Life seems to have diverged very early on into two different kinds with different chemistry sets. We call them bacteria and “archaea”, but they both look like microbes. It was only when we read their genes that we realised how different they were — one uses right-handed forms of lipids, the other left-handed, for instance. For a staggering two billion years they were all there was on this planet. They both had great biochemical diversity but small size and structural simplicity.
Only after this time did large cells and complex creatures emerge — protozoa, plants, animals, fungi. These things have huge internal complexity in their cells as well as bodies that are often multicellular. They all share a single common ancestor because their basic machinery is always the same: plants and animals are mere variations on a theme. And yet this lurch to complexity has left little trace — there are no surviving intermediate creatures with bits of the machinery, but not other bits.
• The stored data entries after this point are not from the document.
Lemma path_restr_adj S x p : path (restr m S) x p -> path (adj m) x p.
Proof. by apply: sub_path => a b /and3P[]. Qed.

Lemma connected_set_connect S x y :
  connected_set m S -> x \in S -> y \in S -> connect (restr m S) x y.
Proof. by move=> /forall_inP/(_ x) H xS yS; apply: (forall_inP (H xS)). Qed.

Lemma connected_set_uniq_path S x y :
  connected_set m S -> x \in S -> y \in S ->
  exists p, [/\ path (restr m S) x p, uniq (x :: p) & last x p = y].
Proof.
move=> cS xS yS; have /connectP[p pp ->] := connected_set_connect cS xS yS.
by case: (shortenP pp) => p' pp' up' _; exists p'.
Qed.

Lemma connected_set_closed S (P : pred V) x :
  connected_set m S -> x \in S -> P x ->
  (forall a b, P a -> a \in S -> b \in S -> adj m a b -> P b) ->
  {in S, forall y, P y}.
Proof.
move=> cS xS Px H y yS.
have /connectP[p pp ->] := connected_set_connect cS xS yS.
have : all (fun z => (z \in S) && P z) (x :: p).
  rewrite /= xS Px; apply: (path_all_closed pp); first by rewrite xS.
  by move=> a b /andP[aS Pa] /and3P[_ bS ab]; rewrite bS (H a b).
by move=> /allP /(_ _ (mem_last x p)) /andP[].
Qed.

Section Components.
Variable X : {set V}.

Lemma comp_notin C y : is_comp m X C -> y \in C -> y \notin X.
Proof. by case=> _ /disjointFr dCX _ _ /dCX ->. Qed.

Lemma comp_adj_closed C a b :
  is_comp m X C -> a \in C -> adj m a b -> b \notin X -> b \in C.
Proof.
case=> _ _ _ H aC ab bX; apply/negPn/negP => bC.
by move: (H a b aC bC bX); rewrite ab.
Qed.

Lemma comp_subset C (S : {set V}) x :
  is_comp m X C -> {in S, forall y, y \notin X} -> connected_set m S ->
  x \in S -> x \in C -> {subset S <= C}.
Proof.
move=> cC SX cS xS xC; apply: (connected_set_closed cS xS xC) => a b aC _ bS ab.
exact: comp_adj_closed cC aC ab (SX _ bS).
Qed.

Lemma comp_eq C1 C2 y :
  is_comp m X C1 -> is_comp m X C2 -> y \in C1 -> y \in C2 -> C1 = C2.
Proof.
move=> c1 c2 y1 y2; apply/eqP; rewrite eqEsubset; apply/andP; split; apply/subsetP.
- by apply: (comp_subset c2 _ _ y1 y2); [move=> z; apply: comp_notin c1 | case: c1].
- by apply: (comp_subset c1 _ _ y2 y1); [move=> z; apply: comp_notin c2 | case: c2].
Qed.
How could complex (“eukaryotic”) life have sprung fully formed, like Athena from the head of Zeus?
Solving this mystery leads Lane into a world of ideas that only Lewis Carroll could make sense of. Six impossible things become believable before breakfast when you are reading a Lane book, and there are plenty here.
What seems to have happened is that a single archaeal cell engulfed a single bacterial cell that turned into a specialised energy generator and gradually passed most of its genes to the host.
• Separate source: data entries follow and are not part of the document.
Lemma weak_right_node_count l r o A : weak_right_node l r o (A ++ A) ->
  3 * (count_in o (tree_size l) A + count_mem (o + tree_size l).+1 A) = size (sub_seq l r o A) /\
  3 * count_in (o + tree_size l).+1 (tree_size r) A = 2 * size (sub_seq l r o A).
Proof.
case: r => [|rl rr] // [_]; rewrite sub_seq_cat => H.
set r := N rl rr; set s := sub_seq l r o A; set v := (o + tree_size l).+1.
pose lab x := if x > v + (tree_size rl).+1 then 0 else if x > v then 1 else 2.
have thirds j : j < 3 -> 3 * count (fun x => lab x == j) s = size s.
  by move=> hj; apply: cyclic3_count hj H.
have := thirds 0 isT; have := thirds 1 isT; have := thirds 2 isT.
have right01 : count (fun x => v < x) s =
               count (fun x => lab x == 0) s + count (fun x => lab x == 1) s.
  rewrite (@count_split _ _ (fun x => v + (tree_size rl).+1 < x)).
  by congr (_ + _); apply: eq_count => x; rewrite /lab /=;
     case: ltnP => h1; case: ltnP => h2 //=; lia.
have notright2 : count (fun x => ~~ (v < x)) s = count (fun x => lab x == 2) s.
  by apply: eq_count => x; rewrite /lab /=; case: ltnP => h1; case: ltnP => h2 //=; lia.
rewrite -(count_sub_seq_right l r o A) -(count_sub_seq_notright l r o A) -/s -/v; lia.
Qed.

Lemma sub_all_nodes (P Q : tree -> tree -> nat -> Prop) t o :
  (forall l r o, P l r o -> Q l r o) -> all_nodes P t o -> all_nodes Q t o.
Proof. by move=> PQ; elim: t o => //= l IHl r IHr o [? [? ?]]; split; [apply: PQ | split; auto]. Qed.

Lemma all_nodes_and (P Q : tree -> tree -> nat -> Prop) t o :
  all_nodes P t o -> all_nodes Q t o -> all_nodes (fun l r o => P l r o /\ Q l r o) t o.
Proof. by elim: t o => //= l IHl r IHr o [? [? ?]] [? [? ?]]; split; [|split; auto]. Qed.

Lemma leaf_key_range t o x : leaf_key t o x -> o < x <= o + tree_size t.
Proof. by elim: t o => //= l IHl r IHr o; case: ifP => [_ /orP [/IHl | /IHr] | ]; lia. Qed.

Lemma leaf_key_N l r o x : nonempty l || nonempty r ->
  leaf_key (N l r) o x = leaf_key l o x || leaf_key r (o + tree_size l).+1 x.
Proof. by move=> /= ->. Qed.

(* Queries outside the subtree are allowed so that the hypothesis passes to both children. *)
Lemma count_inner_key0 t o X :
  (forall x, x \in X -> [|| leaf_key t o x, x <= o | o + tree_size t < x]) ->
  all_nodes (fun l r o' => inner l r -> count_mem (o' + tree_size l).+1 X = 0) t o.
Proof.
elim: t o => // l IHl r IHr o H; split; [|split].
- move=> /andP [nl nr]; apply/count_memPn/negP => /H.
  by rewrite leaf_key_N ?nl // => /orP [/orP [/leaf_key_range | /leaf_key_range] |] /=; lia.
- case: l IHl H => [|ll lr] IHl H //; apply: IHl => x /H; rewrite leaf_key_N //.
  by case/orP => [/orP [-> // | /leaf_key_range /= h] | /= h]; apply/orP; right; lia.
- case: r IHr H => [|rl rr] IHr H //; apply: IHr => x /H; rewrite leaf_key_N ?orbT //.
  by case/orP => [/orP [/leaf_key_range /= h | -> //] | /= h]; apply/orP; right; lia.
Qed.

Lemma rep2 A : rep A 2 = A ++ A.
Proof. by rewrite /rep /= cats0. Qed.

Lemma rep_inner_key0 T A m : 0 < m -> only_leaf_queries T (rep A m) ->
  all_nodes (fun l r o => inner l r -> count_mem (o + tree_size l).+1 A = 0) T 0.
Proof.
move=> hm /allP leaf_X.
apply: sub_all_nodes (@count_inner_key0 T 0 (rep A m) _) => [l r o key0 /key0 | x /leaf_X -> //].
by rewrite count_rep => /eqP; rewrite muln_eq0 (gtn_eqF hm) => /eqP.
Qed.

Lemma stable_node_thirds l r o A : count_mem (o + tree_size l).+1 A = 0 ->
  strong_node l r o (A ++ A) \/ weak_left_node l r o (A ++ A) \/
    weak_right_node l r o (A ++ A) ->
  count_in o (tree_size (N l r)) A <= 3 * count_in o (tree_size l) A /\
  count_in o (tree_size (N l r)) A <= 3 * count_in (o + tree_size l).+1 (tree_size r) A.
Proof.
move=> key0; rewrite count_in_N key0 addn0.
case=> [/strong_node_count | [/weak_left_node_count | /weak_right_node_count]];
  rewrite ?size_sub_seq ?count_in_N key0 ?addn0 ?add0n; lia.
Qed.

Local Open Scope ring_scope.

Definition mass (n o : nat) (w : nat -> rat) : rat := \sum_(1 <= x < n.+1) w (o + x)%N.

Definition third_split (w : nat -> rat) (l r : tree) (o : nat) : Prop :=
  inner l r ->
  [/\ mass (tree_size (N l r)) o w <= 3%:R * mass (tree_size l) o w,
      mass (tree_size (N l r)) o w <= 3%:R * mass (tree_size r) (o + tree_size l).+1 w
    & w (o + tree_size l).+1 = 0].

Definition even_split (w : nat -> rat) (l r : tree) (o : nat) : Prop :=
  inner l r ->
  mass (tree_size l) o w = mass (tree_size r) (o + tree_size l).+1 w /\
  w (o + tree_size l).+1 = 0.

Lemma mass_freq n o X : mass n o (freq X) = (count_in o n X)%:R / (size X)%:R.
Proof.
rewrite /mass /freq -mulr_suml; congr (_ / _); elim: n => [|n IH].
  by rewrite big_geq // /count_in (@eq_count _ _ pred0) ?count_pred0 // => y /=; lia.
by rewrite big_nat_recr //= IH -natrD -addn1 count_inD count_in1 addn1 addnS.
Qed.

Lemma mass_freq_le c n o n' o' X : (count_in o n X <= c * count_in o' n' X)%N ->
  mass n o (freq X) <= c%:R * mass n' o' (freq X).
Proof.
by move=> h; rewrite !mass_freq mulrA -natrM ler_wpM2r ?invr_ge0 ?ler0n // ler_nat.
Qed.

Lemma freq_total T X : only_leaf_queries T X -> (0 < size X)%N ->
  mass (tree_size T) 0 (freq X) = 1.
Proof.
move=> /allP hX hs; rewrite mass_freq.
have -> : count_in 0 (tree_size T) X = size X.
  by apply/eqP; rewrite -all_count; apply/allP => x /hX /leaf_key_range.
by rewrite divff // pnatr_eq0 -lt0n.
Qed.

Lemma freq_ge0 X x : 0 <= freq X x.
Proof. by rewrite divr_ge0. Qed.

Lemma freq_rep_key0 A m x : count_mem x A = 0%N -> freq (rep A m) x = 0.
Proof. by move=> key0; rewrite /freq count_rep key0 muln0 mul0r. Qed.

Lemma mixed_stable_third_split T A m : (0 < m)%N ->
  mixed_stable T (rep A 2) -> only_leaf_queries T (rep A m) ->
  all_nodes (third_split (freq (rep A m))) T 0.
Proof.
move=> hm [_ stable] leaf_X; rewrite rep2 in stable.
move: (all_nodes_and stable (rep_inner_key0 hm leaf_X)).
apply: sub_all_nodes => l r o [node key0] inner_lr.
have [le_left le_right] := stable_node_thirds (key0 inner_lr) (node inner_lr).
split; [| | exact: freq_rep_key0 (key0 inner_lr)];
  by apply: mass_freq_le; rewrite !count_in_rep mulnCA leq_pmul2l.
Qed.

Lemma strongly_stable_even_split T A m : (0 < m)%N ->
  strongly_stable T (rep A 2) -> only_leaf_queries T (rep A m) ->
  all_nodes (even_split (freq (rep A m))) T 0.
Proof.
move=> hm [_ stable] leaf_X; rewrite rep2 in stable.
move: (all_nodes_and stable (rep_inner_key0 hm leaf_X)).
apply: sub_all_nodes => l r o [node key0] inner_lr.
split; last exact: freq_rep_key0 (key0 inner_lr).
move: (node inner_lr) => /strong_node_count; rewrite (key0 inner_lr) add0n => e.
by rewrite !mass_freq !count_in_rep e.
Qed.

Definition cost (t : tree) (o : nat) (w : nat -> rat) : rat :=
  \sum_(1 <= x < (tree_size t).+1) w (o + x)%N * (depth t x)%:R.

Lemma big_nat1D (R : nmodType) (F : nat -> R) (a b : nat) :
  \sum_(1 <= x < (a + b).+1) F x = \sum_(1 <= x < a.+1) F x + \sum_(1 <= x < b.+1) F (a + x)%N.
Proof.
elim: b => [|b IH]; first by rewrite addn0 [X in _ + X]big_geq // addr0.
by rewrite addnS big_nat_recr //= IH [X in _ = _ + X]big_nat_recr //= addrA addnS.
Qed.

Lemma mass1 o w : mass 1 o w = w o.+1.
Proof. by rewrite /mass big_nat1 addn1. Qed.

Lemma massSr n o w : mass n.+1 o w = mass n o w + w (o + n.+1)%N.
Proof. by rewrite /mass big_nat_recr. Qed.

Lemma massSl n o w : mass n.+1 o w = w o.+1 + mass n o.+1 w.
Proof.
rewrite /mass big_nat_recl // addn1; congr (_ + _).
by apply: eq_bigr => i _; rewrite addSnnS.
Qed.

Lemma mass_N l r o w : mass (tree_size (N l r)) o w =
  mass (tree_size l) o w + w (o + tree_size l).+1 + mass (tree_size r) (o + tree_size l).+1 w.
Proof.
rewrite /mass /= -addnS big_nat1D [X in _ + X = _]big_nat_recl // addrA.
by congr (_ + _ + _); [congr w | apply: eq_bigr => i _; congr w]; lia.
Qed.

Lemma cost_E o w : cost E o w = 0.
Proof. by rewrite /cost big_geq. Qed.

Lemma cost_N l r o w : cost (N l r) o w =
  mass (tree_size l) o w + cost l o w +
  (mass (tree_size r) (o + tree_size l).+1 w + cost r (o + tree_size l).+1 w).
Proof.
rewrite /cost /mass /= -addnS big_nat1D; congr (_ + _).
  rewrite -big_split /=; apply: eq_big_nat => x /andP [h1 h2].
  rewrite /= ifF; last by lia.
  by rewrite h2 -addn1 natrD mulrDr mulr1 addrC.
rewrite -big_split /= big_nat_recl // /=.
have -> : (tree_size l + 1 == (tree_size l).+1) = true by lia.
rewrite mulr0 add0r; apply: eq_big_nat => x /andP [h1 h2].
rewrite ifF; last by lia.
rewrite ifF; last by lia.
have -> : (tree_size l + x.+1 - (tree_size l).+1)%N = x by lia.
have -> : (o + (tree_size l + x.+1))%N = ((o + tree_size l).+1 + x)%N by lia.
by rewrite mulrS mulrDr mulr1.
Qed.

Lemma cost_leaf o w : cost leaf o w = 0.
Proof. by rewrite cost_N !cost_E /mass !big_geq // !addr0. Qed.

Fixpoint add_max (t : tree) : tree := if t is N l r then N l (add_max r) else leaf.
Fixpoint add_min (t : tree) : tree := if t is N l r then N (add_min l) r else leaf.
Fixpoint rotated_trunk (S : tree) (n : nat) : tree :=
  if n is n'.+1 then N (rotated_trunk S n') S else add_min S.

(* The tree T' for [krtree k.+2 r]: the actual leaf becomes the root, w_1 the
   maximum of its left subtree, w_2 .. w_(k+1) keep their depth and right
   subtrees, and w_(k+2) becomes the minimum of the bottom copy. *)
Fixpoint promoted (k r : nat) : tree :=
  if r is r'.+1 then N (add_max (promoted k r')) (rotated_trunk (promoted k r') k)
  else leaf.

Lemma size_add_max t : tree_size (add_max t) = (tree_size t).+1.
Proof. by elim: t => //= l _ r ->; rewrite addnS. Qed.

Lemma size_add_min t : tree_size (add_min t) = (tree_size t).+1.
Proof. by elim: t => //= l -> r _; rewrite addSn. Qed.

Lemma size_trunk T n : tree_size (trunk T n) = (n * (tree_size T).+1).+1.
Proof. by elim: n => //= n ->; rewrite mulSn; lia. Qed.

Lemma size_rotated_trunk S n : tree_size (rotated_trunk S n) = (n.+1 * (tree_size S).+1)%N.
Proof. by elim: n => [|n IH] /=; rewrite ?size_add_min ?IH; lia. Qed.

Lemma size_promoted k r : tree_size (promoted k r) = tree_size (krtree k.+2 r).
Proof.
by elim: r => //= r IH; rewrite size_add_max size_rotated_trunk size_trunk IH; lia.
Qed.

Lemma cost_add_max t o w :
  w (o + (tree_size t).+1)%N = 0 -> cost (add_max t) o w = cost t o w.
Proof.
elim: t o => [|l _ r IH] o /= h; first by rewrite cost_leaf cost_E.
have hr : w ((o + tree_size l).+1 + (tree_size r).+1)%N = 0 by rewrite -h; congr w; lia.
by rewrite !cost_N size_add_max massSr IH // hr addr0.
Qed.

Lemma cost_add_min t o w : w o.+1 = 0 -> cost (add_min t) o w = cost t o.+1 w.
Proof.
elim: t o => [|l IH r _] o h; first by rewrite cost_leaf cost_E.
rewrite /= !cost_N size_add_min massSl IH // h add0r.
by have -> : (o + (tree_size l).+1)%N = (o.+1 + tree_size l)%N by lia.
Qed.

Lemma trunkS T n : trunk T n.+1 = N (trunk T n) T.
Proof. by []. Qed.

Lemma all_nodes_trunkS (Q : tree -> tree -> nat -> Prop) T n o :
  all_nodes Q (trunk T n.+1) o ->
  [/\ Q (trunk T n) T o, all_nodes Q (trunk T n) o
     & all_nodes Q T (o + tree_size (trunk T n)).+1].
Proof. by case=> ? []. Qed.

Definition gain (t s : tree) (o : nat) (w : nat -> rat) : rat := cost t o w - cost s o w.

(* [rotated_trunk S n] carries the keys of [trunk T n.+1] except the actual
   leaf, which is the smallest one; hence the offset [o.+1]. *)
Definition trunk_gain (T S : tree) (n o : nat) (w : nat -> rat) : rat :=
  cost (trunk T n.+1) o w - cost (rotated_trunk S n) o.+1 w.

Section Gains.
Variables (T S : tree) (w : nat -> rat).
Hypothesis size_ST : tree_size S = tree_size T.

Lemma trunk_gain0 o : w o.+2 = 0 ->
  trunk_gain T S 0 o w = w o.+1 + mass (tree_size T) o.+2 w + gain T S o.+2 w.
Proof.
move=> h0; rewrite /trunk_gain /gain /= cost_N cost_leaf cost_add_min // /= addn1.
by rewrite mass1; ring.
Qed.

Lemma trunk_gainS n o : trunk_gain T S n.+1 o w =
  w o.+1 + trunk_gain T S n o w + gain T S (o + tree_size (trunk T n.+1)).+1 w.
Proof.
have e : tree_size (trunk T n.+1) = (tree_size (rotated_trunk S n)).+1.
  by rewrite size_trunk size_rotated_trunk size_ST.
rewrite /trunk_gain /gain [trunk T n.+2]/= [rotated_trunk S n.+1]/= !cost_N size_ST e massSl.
have -> : (o.+1 + tree_size (rotated_trunk S n)).+1 =
          (o + (tree_size (rotated_trunk S n)).+1).+1 by lia.
ring.
Qed.

Lemma gain_trunk_root n o : w (o + tree_size T).+1 = 0 ->
  gain (N T (trunk T n.+1)) (N (add_max S) (rotated_trunk S n)) o w =
  gain T S o w + w (o + tree_size T).+2 + trunk_gain T S n (o + tree_size T).+1 w.
Proof.
move=> h0.
have e : tree_size (trunk T n.+1) = (tree_size (rotated_trunk S n)).+1.
  by rewrite size_trunk size_rotated_trunk size_ST.
rewrite /gain /trunk_gain !cost_N size_add_max size_ST cost_add_max; last by rewrite size_ST addnS.
by rewrite massSr addnS h0 addr0 e massSl; ring.
Qed.

Hypothesis nonempty_T : nonempty T.

Lemma trunk_gain_even (g : rat) :
  (forall o, all_nodes (even_split w) T o -> gain T S o w = g * mass (tree_size T) o w) ->
  forall n o, all_nodes (even_split w) (trunk T n.+1) o ->
  w o.+1 = (2%:R ^+ n.+1)^-1 * mass (tree_size (trunk T n.+1)) o w /\
  trunk_gain T S n o w =
    ((n.+2)%:R * (2%:R ^+ n.+1)^-1 + g * (1 - (2%:R ^+ n.+1)^-1))
    * mass (tree_size (trunk T n.+1)) o w.
Proof.
move=> gainT; elim=> [|n IH] o /all_nodes_trunkS [split_root split_trunk split_T];
  have [mass_lr root0] := split_root nonempty_T; rewrite trunkS mass_N.
  move: mass_lr root0 split_T; rewrite /= mass1 addn1 => mass_lr root0 split_T.
  rewrite trunk_gain0 // root0 gainT // -mass_lr expr1.
  by split; field.
have [leaf_w IHgain] := IH _ split_trunk.
have half : (2%:R ^+ n.+2)^-1 = 2%:R^-1 * (2%:R ^+ n.+1)^-1 :> rat.
  by rewrite exprS invfM.
rewrite trunk_gainS root0 gainT // leaf_w IHgain -mass_lr half.
by set b := (2%:R ^+ n.+1)^-1; split; field.
Qed.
This caused a problem because it brought rogue DNA sequences, or digital parasites — a bit like computer viruses — into the operating system of the host. We are still plagued by them today. They are called introns, and we deal with them by splicing them out of the transcript of DNA before using it. The machine we use to do this works slowly so it has to have a safe place to work before the transcripts get used — and that is why the nucleus evolved, to separate transcription from translation (into protein).
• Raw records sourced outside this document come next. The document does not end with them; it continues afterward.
Lemma X_le_right_extension t (c c' : R) : 0 <= t -> c < c' ->
  (forall s, 0 <= s <= t -> (enorm (X s w) <= c%:E)%E) ->
  exists2 del, 0 < del & forall u, u < t + del -> (enorm (X u w) <= c'%:E)%E.
Proof.
move=> t0 cc' hc.
have [x Xt hx] : exists2 x, X t w = Some x & euclid x <= c.
  have := hc t; rewrite t0 lexx => /(_ isT).
  by case: (X t w) => [x|] //= h; exists x; rewrite // -lee_fin.
have hr : rconv (sval w) t (Some x) by rewrite -Xt; exact: X_rconv.
have [del del0 hdel] := conv_on_euclid hr (ltac:(by rewrite subr_gt0) : 0 < c' - c).
exists del => // u ut; case: (ltP u 0) => u0.
  rewrite X_lt0 //; apply: le_trans (hc 0 _) _; first by rewrite lexx t0.
  by rewrite lee_fin ltW.
case: (leP u t) => ut'.
  by apply: le_trans (hc u _) _; [rewrite u0 ut'|rewrite lee_fin ltW].
have [z pz hz] := hdel u (ltac:(rewrite /right_int /=; apply/andP; split => //)).
by rewrite /X pz /= lee_fin; move: hz; rewrite ltr_norml => /andP[_ hz]; lra.
Qed.

Lemma X_near_bounded (F : set_system R) {FF : Filter F} (a b : R) (L : \bar R) :
  (forall c : R, (c%:E < L)%E -> \forall M \near F, c <= M) ->
  (forall r, a <= r <= b -> (enorm (X r w) < L)%E /\ (enorm (Xminus r w) < L)%E) ->
  \forall M \near F, forall r, a <= r <= b -> (enorm (X r w) <= M%:E)%E.
Proof.
move=> hF hL; apply: segment_near_bound => r /hL [hX hXm].
have [c [cX cXm /hF cM]] := enorm_lt_ex hX hXm.
have [del del0 hdel] := enorm_X_near_lt cX cXm.
by exists c; split => //; exists del => // u /hdel /ltW.
Qed.

Lemma X_le_of_dense t (c : R) : 0 <= t ->
  (forall k, (enorm (X (dense_seq t k) w) <= c%:E)%E) ->
  forall s, 0 <= s <= t -> (enorm (X s w) <= c%:E)%E.
Proof.
move=> t0 hk s /andP[s0 st]; case: (ltgtP s t) => [lst|lts|->]; last exact: (hk 0%N).
- rewrite leNgt; apply/negP => hs.
  case Xs: (X s w) hs => [x|] hs; last first.
    by have := hk 0%N; rewrite /= (X_dead s0 (ltW lst) Xs).
  move: hs; rewrite /= lte_fin => hs.
  have hr : rconv (sval w) s (Some x) by rewrite -Xs; exact: X_rconv.
  have [del del0 hdel] := conv_on_euclid hr (ltac:(by rewrite subr_gt0) : 0 < euclid x - c).
  have m1 : s < Order.min (s + del) t by rewrite lt_min lst andbT ltrDl.
  have m2 : Order.min (s + del) t <= s + del by rewrite ge_min lexx.
  have m3 : Order.min (s + del) t <= t by rewrite ge_min lexx orbT.
  have [k /andP[k1 k2]] := dense_seq_dense s0 m1 m3.
  have [z pz hz] : exists2 z, sval w (dense_seq t k) = Some z & `|euclid z - euclid x| < euclid x - c.
    by apply: hdel; rewrite /right_int /=; apply/andP; split => //; lra.
  have := hk k; rewrite /X pz /= lee_fin.
  by move: hz; rewrite ltr_norml => /andP[hz _]; lra.
- by move: st; rewrite leNgt lts.
Qed.

End Paths.

Section HittingTimes.
Variables (R : realType) (d : nat) (E : set 'rV[R]_d) (w : Omega E).

Lemma T'_ge0 n : (0 <= T' n w)%E.
Proof. by apply/ereal_infP => _ [s [s0 _] <-]; rewrite lee_fin. Qed.

Lemma TDelta_ge0 : (0 <= TDelta w)%E.
Proof. by apply/ereal_infP => _ [s [s0 _] <-]; rewrite lee_fin. Qed.

Lemma Tn_ge0 n : (0 <= Tn n w)%E.
Proof. by rewrite /Tn; case: ifP => _ //; exact: T'_ge0. Qed.

Lemma Texpl_ge0 : (0 <= Texpl w)%E.
Proof. by rewrite /Texpl; case: asboolP => _ //; exact: TDelta_ge0. Qed.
Having mitochondria, as the bacteria became, enabled cells to grow much larger, because the mitochondria could be numerous and small and shrink their genomes to just the essential genes — we have just 13 in ours — while the archeal genome could start to service a much larger volume and generate new kinds of machinery.
Lane’s crucial insight, his eureka moment, was when he realised that, thanks to this division of labour, the energy available per gene is hundreds of thousands of times greater in a eukaryotic cell than in a bacterium: just as the energy available per worker leapt higher in the Industrial Revolution enabling the construction of much more technology and infrastructure (my analogy, not his).
From here Lane traces the echoes of ancient struggles inside the cell, shedding light on questions such as why we have less sodium in our cells than seawater has, why pigeons live longer than rats, how species come to separate, why eggs are large and sperm small, and so on.
The material Lane has to work with is almost impossibly complicated and there are times when even the most dedicated reader will have to keep turning to the glossary to check the meaning of terms. But like the best science writers, Lane never glosses over the detail. Instead he turns it into a series of detective stories. Poirot-like he leads you from the crime to the perpetrator, from the puzzle to the solution. The difference from a detective story is that these tales are real, and fundamental to life itself.